Considered the ‘Cradle of Humanity’, Ethiopia offers a truly cultural and historical experience of Africa. The Ministry of Culture and Tourism is aiming to increase drastically the number of tourists now that the infrastructure is ready to welcome visitors to the land of nine UNESCO World Heritage sites
Ethiopia’s sustained economic growth saw it recording year-on-year economic growth of 10% between 2003 and 2008. It is now forecasted to be the world’s third fastest growing economy after China and India up to 2016. Its tourism sector has not achieved growth like this and its potential as a highly frequented destination is still very much yet to be met.
Tadelech Dalacho, State Minister of Culture and Tourism of the Federal Democratic Republic of Ethiopia (FDRE), is keen to make sure that tourism’s share of Ethiopia’s GDP sees growth in the coming years and that Ethiopia creates for itself a brand as a destination for tourists looking to explore even further into the heart of Africa.

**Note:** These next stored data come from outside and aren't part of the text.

(* Let $a,d\in\mathbb C$ and let $n\in\mathbb C$ with $d-n\in\mathbb N$. Then the polynomial $$f(a,d,n)_x=\sum_{k=0}^{d-n}\binom{a+d+x-k}{k}\binom{d+k-x}{d-n-k}\in\mathbb C[x]$$ is constant in $x$; its value depends only on $a$, $d$ and $n$.
   Context: For $z\in\mathbb C$ (or $z$ a polynomial in $x$) and $k\in\mathbb N$, the binomial coefficient is $\binom{z}{k}=\frac{z(z-1)\cdots(z-k+1)}{k!}$. *)

From HB Require Import structures.
From mathcomp Require Import all_boot all_order all_algebra.
From mathcomp Require Import complex.
From mathcomp Require Import Rstruct.
From Stdlib Require Import Reals.
Set Implicit Arguments. Unset Strict Implicit. Unset Printing Implicit Defensive.
Import GRing.Theory.
Local Open Scope ring_scope.

Notation CC := (complex Rdefinitions.R).

Definition binomp (p : {poly CC}) (k : nat) : {poly CC} :=
  (k`!%:R)^-1 *: \prod_(i < k) (p - (i%:R)%:P).

(* f(a,d,n)_x with m = d - n in N:
   sum_{k=0}^{m} binom(a+d+x-k, k) binom(d+k-x, m-k) *)
Definition fpoly (a d : CC) (m : nat) : {poly CC} :=
  \sum_(k < m.+1)
     binomp ('X + (a + d - k%:R)%:P) k * binomp ((d + k%:R)%:P - 'X) (m - k).

From HB Require Import structures.
From mathcomp Require Import all_boot all_order all_algebra.
From mathcomp Require Import complex Rstruct.
From mathcomp Require Import ring.
Import GRing.Theory Num.Theory.
Local Open Scope ring_scope.

(** Evaluated at [x], the summands of [fpoly a d m] are the terms of the
    sum [vandersum m u v] below with [u = x + a + d] and [v = d - x].
    Shifting [x] by one turns [(u, v)] into [(u + 1, v - 1)], and two
    applications of Pascal's rule show by induction on [m] that this sum is
    invariant under that shift.  So the polynomial takes the same value at
    every natural number, hence is constant. *)

Section GeneralizedBinomial.

Variable R : numFieldType.

Definition binomr (z : R) (k : nat) : R :=
  (k`!%:R)^-1 * \prod_(i < k) (z - i%:R).

Lemma binomr0 (z : R) : binomr z 0 = 1.
Proof. by rewrite /binomr big_ord0 fact0 invr1 mulr1. Qed.

Lemma binomrS_addr1 (z : R) k :
  binomr (z + 1) k.+1 = binomr z k.+1 + binomr z k.
Proof.
rewrite /binomr big_ord_recl big_ord_recr /=.
have -> : \prod_(i < k) (z + 1 - (bump 0 i)%:R) = \prod_(i < k) (z - i%:R).
  by apply: eq_bigr => i _; rewrite /bump /= add1n -natr1; ring.
have kS_neq0 : (k%:R + 1 : R) != 0 by rewrite natr1 pnatr_eq0.
have fact_neq0 : (k`!%:R : R) != 0 by rewrite pnatr_eq0 -lt0n fact_gt0.
rewrite factS natrM -natr1; field.
by rewrite kS_neq0 fact_neq0.
Qed.

Definition vandersum (m : nat) (u v : R) : R :=
  \sum_(k < m.+1) binomr (u - k%:R) k * binomr (v + k%:R) (m - k).

(* Both sides split, by Pascal's rule on the first resp. second factor, as a
   common sum plus a sum of the same shape of order [m - 1]. *)
Lemma vandersum_shift m u v : vandersum m (u + 1) (v - 1) = vandersum m u v.
Proof.
elim: m u v => [|m IHm] u v; first by rewrite /vandersum !big_ord1 /= !binomr0.
set S := \sum_(k < m.+2) binomr (u - k%:R) k * binomr (v - 1 + k%:R) (m.+1 - k).
have splitL : vandersum m.+1 (u + 1) (v - 1) = S + vandersum m (u - 1) v.
  rewrite /vandersum /S big_ord_recl [X in _ = X + _]big_ord_recl /=.
  rewrite !binomr0 !mul1r -[RHS]addrA -big_split /=; congr (_ + _).
  apply: eq_bigr => i _; rewrite /bump /= add1n subSS -!natr1.
  have -> : u + 1 - (i%:R + 1) = (u - 1 - i%:R) + 1 by ring.
  rewrite binomrS_addr1 mulrDl; congr (_ * _ + _ * _); congr binomr; ring.
have splitR : vandersum m.+1 u v = S + vandersum m u (v - 1).
  rewrite /vandersum /S big_ord_recr [X in _ = X + _]big_ord_recr /=.
  rewrite !subnn !binomr0 !mulr1 -[RHS]addrA [X in _ = _ + X]addrC [RHS]addrA.
  rewrite -big_split /=; congr (_ + _).
  apply: eq_bigr => i _; rewrite subSn; last by rewrite -ltnS.
  have -> : v + i%:R = (v - 1 + i%:R) + 1 by ring.
  by rewrite binomrS_addr1 mulrDr.
by rewrite splitL splitR -IHm; congr (_ + vandersum _ _ _); ring.
Qed.

End GeneralizedBinomial.

Arguments binomr {R}.
Arguments vandersum {R}.

Lemma horner_binomp (p : {poly CC}) k x : (binomp p k).[x] = binomr p.[x] k.
Proof.
rewrite /binomp hornerZ horner_prod; congr (_ * _).
by apply: eq_bigr => i _; rewrite hornerD hornerN hornerC.
Qed.

Lemma horner_fpoly a d m x :
  (fpoly a d m).[x] = vandersum m (x + a + d) (d - x).
Proof.
rewrite /fpoly horner_sum; apply: eq_bigr => k _.
rewrite hornerM !horner_binomp.
by congr (binomr _ _ * binomr _ _); rewrite !(hornerD, hornerN, hornerX, hornerC); ring.
Qed.

Lemma poly_const_on_nat (R : numDomainType) (p : {poly R}) :
  (forall j : nat, p.[j%:R] = p.[0]) -> p = p.[0]%:P.
Proof.
move=> p_const; apply/eqP; rewrite -subr_eq0; apply/negPn/negP => q_neq0.
set rs := [seq (i%:R : R) | i <- iota 0 (size (p - p.[0]%:P))].
have rs_roots : all (root (p - p.[0]%:P)) rs.
  apply/allP => _ /mapP [j _ ->].
  by rewrite /root hornerD hornerN hornerC p_const subrr.
have rs_uniq : uniq rs.
  by rewrite map_inj_uniq ?iota_uniq // => i j /eqP; rewrite eqr_nat => /eqP.
by have := max_poly_roots q_neq0 rs_roots rs_uniq; rewrite size_map size_iota ltnn.
Qed.

Theorem theorem4p2 (a d n : CC) (m : nat) (hdn : d - n = m%:R) :
  exists c : CC, fpoly a d m = c%:P.
Proof.
(* [hdn] only ties [n] to [m]; the argument never uses it. *)
exists (fpoly a d m).[0]; apply: poly_const_on_nat.
elim=> [|j IHj] //; rewrite -IHj !horner_fpoly -natr1 -[in RHS]vandersum_shift.
by congr vandersum; ring.
Qed.
(* Let $\mathcal H$ be a separable complex Hilbert space with canonical orthonormal basis $\{e_n\}$ and $S_2$ the Hilbert–Schmidt operators with $\langle\eta,\tau\rangle_2=\operatorname{tr}(\eta^*\tau)$. Let $A\in\mathcal B(S_2)$. For $n,m\in\mathbb N$, the formula $a_{nm}=\sum_{j,k}\langle\varepsilon_{nk},A\varepsilon_{mj}\rangle_2\,\varepsilon_{jk}$ (i.e. the operator with matrix entries $\langle e_j,a_{nm}e_k\rangle=\langle\varepsilon_{nk},A\varepsilon_{mj}\rangle_2$) defines an operator $a_{nm}\in\mathcal B(\mathcal H)$, and $$A\eta=\sum_{n,m}\varepsilon_{nm}\eta\, a_{nm}\qquad\text{for all }\eta\in S_2.$$
   Context: $\varepsilon_{nm}=|e_n\rangle\langle e_m|$, i.e. $\varepsilon_{nm}f=\langle e_m,f\rangle e_n$; these form an orthonormal basis of $S_2$. Inner products are anti-linear in the left argument. *)

From HB Require Import structures.
From mathcomp Require Import all_boot all_order all_algebra.
From mathcomp Require Import complex.
From mathcomp Require Import all_classical all_reals all_analysis.

Set Implicit Arguments.
Unset Strict Implicit.
Unset Printing Implicit Defensive.

Import Order.TTheory GRing.Theory Num.Theory numFieldNormedType.Exports.
Local Open Scope ring_scope.
Local Open Scope complex_scope.

Notation rsum u := (limn (fun N => \sum_(0 <= k < N) u k)%R).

The State Minister’s targets are ambitious and keenly connected to the promotion of Ethiopia’s unique heritage. She hopes to draw a tourist volume of 1 million to 1.85 million by the end of 2012. This compares with 515,000 in 2011 and 500,00 in 2010.

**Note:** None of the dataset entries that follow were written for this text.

Lemma mean_marked_cond_err_le m1 m2 j k :
  iid_mean2 pU pV (fun (cU : {ffun 'I_M1 * 'I_L1 -> U}) (cV : {ffun 'I_M2 * 'I_L2 -> V}) =>
     r (cU (m1, j)) (cV (m2, k)) * cond_err cU cV m1 m2 (j, k)) <= packing_bound.
Proof.
set a := (m1, j); set b := (m2, k).
apply: Rle_trans (iid_mean2_le (margA_ge0 P_ge0) (margB_ge0 P_ge0) (fun cU cV =>
  Rmult_le_compat_l _ _ _ (r_ge0 _ _) (cond_err_le cU cV m1 m2 j k))) _ => /=.
rewrite /packing_bound; under iid_mean2_ext => cU cV do
  rewrite !Rmult_plus_distr_l [r _ _ * \big[Rplus/0]_(i : 'I_M1 * 'I_L1) _]Rsum_distrr
          [r _ _ * \big[Rplus/0]_(i : 'I_M2 * 'I_L2) _]Rsum_distrr.
rewrite !iid_mean2D !iid_mean2_sum.
have jUY_ge0 u y : 0 <= joint_UY pUV f W u y.
  by apply: Rsum_ge0 => v _; apply: Rmult_le_pos => //; exact: chanY_ge0.
have jVZ_ge0 v z : 0 <= joint_VZ pUV f W v z.
  by apply: Rsum_ge0 => u _; apply: Rmult_le_pos => //; exact: chanZ_ge0.
have card_codebook (M L : nat) : INR M * INR L = INR #|{: 'I_M * 'I_L}|.
  by rewrite card_prod !card_ord mult_INR.
apply: Rplus_le_compat; [apply: Rplus_le_compat; [apply: Rplus_le_compat|]|].
- exact: (mean_miss_le P_sum1 chanY_ge0 chanY_sum1 (lratio_le_joint G P_ge0)).
- rewrite card_codebook -Rsum_const; apply: Rsum_le => i _.
  under iid_mean2_ext => cU cV do rewrite fun_if Rmult_0_r.
  rewrite iid_mean2_if //; case: ifP => [i_neq | _]; last exact: massProd_ge0.
  have a_i : a != i by apply: contraNneq i_neq => <-.
  exact: (mean_false_hit_le P_ge0 P_sum1 chanY_ge0 chanY_sum1 (lratio_le_joint G P_ge0) _ _ a_i).
- rewrite iid_mean2C.
  exact: (mean_miss_le Pswap_sum1 chanZ_ge0 chanZ_sum1 lratio_le_joint_swap).
- rewrite card_codebook -Rsum_const; apply: Rsum_le => i _.
  rewrite iid_mean2C; under iid_mean2_ext => cV cU do rewrite fun_if Rmult_0_r.
  rewrite iid_mean2_if //; case: ifP => [i_neq | _]; last exact: massProd_ge0.
  have b_i : b != i by apply: contraNneq i_neq => <-.
  exact: (mean_false_hit_le (fun v u => P_ge0 u v) Pswap_sum1 chanZ_ge0 chanZ_sum1
    lratio_le_joint_swap _ _ b_i).
Qed.

Hypothesis L1_gt0 : 0 < INR L1.
Hypothesis L2_gt0 : 0 < INR L2.
Variable d : R.
Hypothesis d_gt0 : 0 < d.

Let N := INR L1 * INR L2 * mu.
Let N_gt0 : 0 < N.
Proof. by rewrite /N; apply: Rmult_lt_0_compat => //; exact: Rmult_lt_0_compat. Qed.

(* The normalisation [N] makes the mean total weight of a message pair 1
   (lemma [mean_mark_mass]). *)
Definition mark_weight (cU : {ffun 'I_M1 * 'I_L1 -> U}) (cV : {ffun 'I_M2 * 'I_L2 -> V})
  m1 m2 (jk : 'I_L1 * 'I_L2) := / N * r (cU (m1, jk.1)) (cV (m2, jk.2)).

Definition mark_mass cU cV m1 m2 := \big[Rplus/0]_(jk : 'I_L1 * 'I_L2) mark_weight cU cV m1 m2 jk.

Definition marked_err cU cV m1 m2 :=
  \big[Rplus/0]_(jk : 'I_L1 * 'I_L2) (mark_weight cU cV m1 m2 jk * cond_err cU cV m1 m2 jk).

Lemma mark_weight_ge0 cU cV m1 m2 jk : 0 <= mark_weight cU cV m1 m2 jk.
Proof. by apply: Rmult_le_pos; [apply/Rlt_le/Rinv_0_lt_compat | exact: r_ge0]. Qed.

“We aim to be one of the top five tourist-receiving countries in Africa by the year 2020,” states Ms Dalacho, her target involving the development of all tourism enabling sectors in the country, namely transportation and visitor services. She notes “the backlog in infrastructure has been the main reason why Ethiopia has not been recognised as a tourist-receiving country.”
The development of this infrastructure is being matched by the efforts of Ms Dalacho’s ministry to project a message worldwide of what Ethiopia has to offer. “Ethiopia has huge tourism resources. It offers a combination of different touristic products, be they natural, historical, archaeological, scientific...making it unique within the continent,” she says.

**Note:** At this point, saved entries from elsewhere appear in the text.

Lemma ge_partM m1 m2 a b :
  ge_part G m1 a -> ge_part G m2 b -> ge_part G (m1 + m2) (a * b).
Proof.
move=> [N1 [f [Gf f0 ->]]] [N2 [g [Gg g0 ->]]].
rewrite mulr_suml; apply: ge_part_sum => i _.
rewrite mulr_sumr; apply: ge_part_sum => j _.
have [ltim1|lem1i] := ltnP i m1; first by rewrite f0 // mul0r; apply: ge_part_has0.
have [ltjm2|lem2j] := ltnP j m2; first by rewrite g0 // mulr0; apply: ge_part_has0.
exact: (ge_part_homog (leq_add lem1i lem2j) (gradeM (Gf i) (Gg j))).
Qed.

Lemma ideal_pow_ge_part m p y : ideal_pow (ge_part G m) p y -> ge_part G (p * m) y.
Proof.
elim: p y => [|p IHp] y /=; first by rewrite mul0n => _; apply: ge_part0_all.
move=> [s [s_mem ->]]; apply: big_ind_In => [|a b|t t_s]; first exact: ge_part_has0.
  exact: ge_partD.
have [pow_t1 ge_t2] := s_mem t t_s.
by rewrite mulSn addnC; apply: ge_partM => //; apply: IHp.
Qed.

End Grading.

Section IdealPowers.

Variables (A : comPzRingType) (I : subset_of A).

Lemma ideal_pow_has0 p : ideal_pow I p 0.
Proof. by case: p => //= p; exists [::]; rewrite big_nil. Qed.

Lemma ideal_powD p a b :
  ideal_pow I p.+1 a -> ideal_pow I p.+1 b -> ideal_pow I p.+1 (a + b).
Proof.
move=> [s1 [mem1 ->]] [s2 [mem2 ->]]; exists (s1 ++ s2); split; last by rewrite big_cat.
by move=> t t_s; case: (List.in_app_or _ _ _ t_s); [apply: mem1 | apply: mem2].
Qed.

Lemma ideal_pow_mull p a y : ideal_pow I p y -> ideal_pow I p (a * y).
Proof.
elim: p a y => [//|p IHp] a y [s [s_mem ->]].
exists [seq (a * t.1, t.2) | t <- s]; split.
  move=> t /(List.in_map_iff _ _ _) [u [<- u_s]]; have [pow_u1 I_u2] := s_mem u u_s.
  by split => //; apply: IHp.
by rewrite big_map mulr_sumr; apply: eq_bigr => t _; rewrite mulrA.
Qed.

Lemma ideal_pow_mulS p y z : ideal_pow I p y -> I z -> ideal_pow I p.+1 (y * z).
Proof.
move=> pow_y I_z; exists [:: (y, z)]; split; last by rewrite big_seq1.
by move=> t [<-|[]].
Qed.

Lemma mem_ideal_pow1 y : I y -> ideal_pow I 1 y.
Proof. by move=> I_y; rewrite -[y]mul1r; apply: (@ideal_pow_mulS 0). Qed.

End IdealPowers.

Section Monomials.

Variables (n : nat) (om : 'I_n -> nat).

Definition mdeg (e : 'I_n -> nat) : nat := (\sum_(i < n) e i * om i)%N.

Lemma mdegD e1 e2 : mdeg (fun i => e1 i + e2 i)%N = (mdeg e1 + mdeg e2)%N.
Proof. by rewrite /mdeg -big_split; apply: eq_bigr => i _; rewrite mulnDl. Qed.

Lemma mdeg_large_term w e : (n * (w - 1) < mdeg e)%N -> exists i, (w <= e i * om i)%N.
Proof.
move=> large; apply/existsP; apply: contraLR large; rewrite negb_exists => /forallP small.
rewrite -leqNgt /mdeg -[n in (n * _)%N]card_ord -sum_nat_const.
by apply: leq_sum => i _; move: (small i); rewrite -ltnNge; lia.
Qed.

Lemma submonomial_of_mdeg w : (0 < w)%N -> (forall i, om i %| w)%N ->
  forall j e, (j * w + n * (w - 1) < mdeg e + w)%N ->
  exists2 e2 : 'I_n -> nat, forall i, (e2 i <= e i)%N & mdeg e2 = (j * w)%N.
Proof.
move=> w_gt0 om_dvd_w; elim=> [|j IHj] e deg_e.
  by exists (fun _ => 0%N) => //; rewrite /mdeg big1.
have [i le_w_ei] : exists i, (w <= e i * om i)%N.
  by apply: mdeg_large_term; move: deg_e; rewrite mulSn; lia.
have om_gt0 : (0 < om i)%N by apply: dvdn_gt0 (om_dvd_w i).
pose b := (w %/ om i)%N.
have b_om : (b * om i = w)%N by rewrite divnK.
have le_b_ei : (b <= e i)%N by rewrite -(leq_pmul2r om_gt0) b_om.
pose xi l := if l == i then b else 0%N.
have mdeg_xi : mdeg xi = w.
  by rewrite /mdeg (bigD1 i) //= /xi eqxx big1 ?addn0 // => l /negbTE ->.
have le_xi_e l : (xi l <= e l)%N by rewrite /xi; case: eqP => [->|].
pose e' l := (e l - xi l)%N.
have mdeg_e : mdeg e = (mdeg e' + w)%N.
  by rewrite -mdeg_xi -mdegD; apply: eq_bigr => l _; rewrite /e' subnK.
have [e3 le_e3 mdeg_e3] : exists2 e3 : 'I_n -> nat,
    forall l, (e3 l <= e' l)%N & mdeg e3 = (j * w)%N.
  by apply: IHj; move: deg_e; rewrite mdeg_e mulSn; lia.
exists (fun l => e3 l + xi l)%N; last by rewrite mdegD mdeg_e3 mdeg_xi mulSn addnC.
by move=> l; move: (le_e3 l) (le_xi_e l); rewrite /e'; lia.
Qed.

Variables (A : comPzRingType) (x : 'I_n -> A).

Definition monomial (e : 'I_n -> nat) : A := \prod_(i < n) x i ^+ e i.

Lemma monomialD e1 e2 :
  monomial (fun i => e1 i + e2 i)%N = monomial e1 * monomial e2.
Proof. by rewrite /monomial -big_split; apply: eq_bigr => i _; rewrite exprD. Qed.

Lemma grade_monomial (G : nat -> subset_of A) : is_Ngrading G ->
  (forall i, G (om i) (x i)) -> forall e, G (mdeg e) (monomial e).
Proof.
move=> hG Gx e; apply: (big_ind2 (fun d y => G d y)) => [|d1 y1 d2 y2 Gy1 Gy2|i _].
- exact: (grade1 hG).
- exact: (gradeM hG Gy1 Gy2).
- elim: (e i) => [|m IHm]; first by rewrite mul0n expr0; apply: (grade1 hG).
  by rewrite mulSn exprS; apply: (gradeM hG).
Qed.

End Monomials.

Section TruncationPowers.

Variables (A : comPzRingType) (G : nat -> subset_of A).
Variables (n : nat) (x : 'I_n -> A) (om : 'I_n -> nat) (k w : nat).
Hypothesis hG : is_Ngrading G.
Hypothesis Gx : forall i, G (om i) (x i).
Hypothesis x_gen : generated_over_deg0 G x.
Hypothesis w_gt0 : (0 < w)%N.
Hypothesis om_dvd_w : forall i, (om i %| w)%N.

Local Notation I := (ge_part G (k * w)).

Hypothesis low_powers : forall p, (1 <= p)%N -> (p.-1 * k + 2 <= n)%N ->
  forall y, ge_part G (p * k * w) y -> ideal_pow I p y.

Lemma monomial_in_ideal_pow p e : (1 <= p)%N -> (p * k * w <= mdeg om e)%N ->
  ideal_pow I p (monomial x e).
Proof.
have ge_monomial m e' : (m <= mdeg om e')%N -> ge_part G m (monomial x e').
  by move=> le_m; exact: (ge_part_homog hG le_m (grade_monomial hG Gx e')).
elim: p e => [//|p IHp] e _ deg_e.
have [p0|p_gt0] := posnP p.
  by rewrite p0 mul1n in deg_e *; apply: mem_ideal_pow1; apply: ge_monomial.
have [low|high] := leqP (p * k + 2) n.
  by apply: low_powers => //; apply: ge_monomial.
have [e2 le_e2 mdeg_e2] : exists2 e2 : 'I_n -> nat,
    forall i, (e2 i <= e i)%N & mdeg om e2 = (k * w)%N.
  apply: submonomial_of_mdeg => //.
  have : (n.-1 * w <= p * k * w)%N by apply: leq_mul => //; lia.
  by move: deg_e; rewrite mulSn mulnDl; nia.
pose e1 i := (e i - e2 i)%N.
have e1_e2 i : (e1 i + e2 i)%N = e i by rewrite subnK.
have mono_e : monomial x e = monomial x e1 * monomial x e2.
  by rewrite -monomialD; apply: eq_bigr => i _; rewrite e1_e2.
have mdeg_e : mdeg om e = (mdeg om e1 + k * w)%N.
  by rewrite -mdeg_e2 -mdegD; apply: eq_bigr => i _; rewrite e1_e2.
rewrite mono_e; apply: ideal_pow_mulS; last by apply: ge_monomial; rewrite mdeg_e2.
by apply: IHp => //; move: deg_e; rewrite mdeg_e mulSn mulnDl; lia.
Qed.

Lemma homog_in_ideal_pow p d h : (1 <= p)%N -> (p * k * w <= d)%N -> G d h ->
  ideal_pow I p h.
Proof.
case: p => [//|p] _ le_d Gh; have [s [s_deg0 def_h]] := x_gen h.
rewrite (homog_component (dg := fun t => mdeg om t.2) hG _ Gh def_h); last first.
  move=> t t_s; rewrite -[mdeg _ _]add0n.
  exact: (gradeM hG (s_deg0 t t_s) (grade_monomial hG Gx t.2)).
apply: (big_ind (ideal_pow I p.+1)) => [|a b|t /eqP deg_t].
- exact: ideal_pow_has0.
- exact: ideal_powD.
- by apply: ideal_pow_mull; apply: monomial_in_ideal_pow; rewrite ?deg_t.
Qed.

Lemma ideal_pow_truncation p : (1 <= p)%N ->
  same_set (ideal_pow I p) (ge_part G (p * k * w)).
Proof.
case: p => [//|p] _ y; split => [pow_y|[N [f [Gf f0 ->]]]].
  by rewrite -mulnA; apply: (ideal_pow_ge_part hG).
apply: (big_ind (ideal_pow I p.+1)) => [|a b|j _].
- exact: ideal_pow_has0.
- exact: ideal_powD.
- have [ltj|lej] := ltnP j (p.+1 * k * w); first by rewrite f0 //; apply: ideal_pow_has0.
  exact: homog_in_ideal_pow lej (Gf j).
Qed.

End TruncationPowers.

Theorem lemma3p5 (A : comPzRingType) (G : nat -> subset_of A)
  (n : nat) (x : 'I_n -> A) (om : 'I_n -> nat) (k : nat) :
  is_Ngrading G ->
  (forall i, (0 < om i)%N) ->
  (forall i, G (om i) (x i)) ->
  generated_over_deg0 G x ->
  (0 < k)%N ->
  let w := \big[lcmn/1%N]_(i < n) om i in
  let I := ge_part G (k * w)%N in
  ((forall p : nat, (1 <= p)%N -> (p.-1 * k + 2 <= n)%N ->
       same_set (ideal_pow I p) (ge_part G (p * k * w)%N)) ->
   forall p : nat, (1 <= p)%N -> same_set (ideal_pow I p) (ge_part G (p * k * w)%N))
  /\
  ((n.-1 <= k)%N ->
   forall p : nat, (1 <= p)%N -> same_set (ideal_pow I p) (ge_part G (p * k * w)%N)).
Proof.
move=> hG om_gt0 Gx x_gen _ w I.
have w_gt0 : (0 < w)%N.
  by apply: (big_ind (fun m => 0 < m)%N) => // a b a_gt0 b_gt0; rewrite lcmn_gt0 a_gt0.
have om_dvd_w i : (om i %| w)%N by apply: (biglcmn_sup i).
have truncation := ideal_pow_truncation hG Gx x_gen w_gt0 om_dvd_w.
split=> [low|le_n_k] p p_ge1; apply: truncation => // q q_ge1 q_small y.
  exact: (proj2 (low q q_ge1 q_small y)).
have -> : q = 1%N by move: q_small; nia.
by rewrite mul1n; apply: mem_ideal_pow1.
Qed.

Considered by some as the ‘Cradle of Humanity’, it is the site of the discovery of some of the very oldest human remains. Ms Dalacho comments: “Ethiopia attracts a wide range of people, from researchers to archaeologists, to regular people interested in knowing more about mankind’s beginnings.”
She also underlines the global importance of Ethiopia's attractions and the country's keenness to open them up to visitors: “UNESCO has registered nine World Heritage sites in Ethiopia. Because the significance of these sites goes beyond the borders of Ethiopia, we have collaborative programmes with a number of regional tourism bureaus, local governments, and communities.”
This differentiation of Ethiopia as a cultural attraction will form the basis of much of the future marketing campaigns. “We have identified tourist-generating countries, most of which are European and American destinations, and emerging market tourist-generating countries such as China, Russia and India,” says the Minister. These markets will be targeted by participation in annual global tourism trade fairs, which are held in the nine main source markets, these being Germany, Italy, France, Spain, Russia, Japan, China, the US and the UK.
“We work with tour operators, hoteliers, and Ethiopian Airlines,” she says. “Through the support of our embassies abroad, we invite travel writers, journalists, industry professionals to travel here as a group... Finally, there is a plan to establish a Tourism Board, an independent body focused on marketing and promotions.”
The Ministry of Culture and Tourism is keen to develop a tourism industry that is sustainable and ensures the preservation of the UNESCO World Heritage sites while simultaneously enabling their access to growing numbers of visitors. Ms Dalacho underlines sustainability as the cornerstone of tourism policy, affirming that her ministry is “working with the communities at the grassroots level...the goal being to make them understand the value of the attractions they have.”
The Ethiopian Tourist Development Policy was developed in 2010. This was necessary in order to ensure funding from the World Bank. The policy will focus on developing three destinations: Addis Ababa, Lalibela and Aksum. These areas are planned to set the standard for Ethiopian tourism.
The State Minister is keen to spread the message that “Ethiopia is ripe for tourism investment. Hoteliers, tour companies, training institutes, and the like are welcome to participate in these projects. We have sound investment policies and attractive incentive packages”.
For anyone considering a visit, she leaves them with this message: “Ethiopia is a place to love. All it takes is a visit. Its friendly people and scenic landscapes are sure to make your stay both memorable and enjoyable.”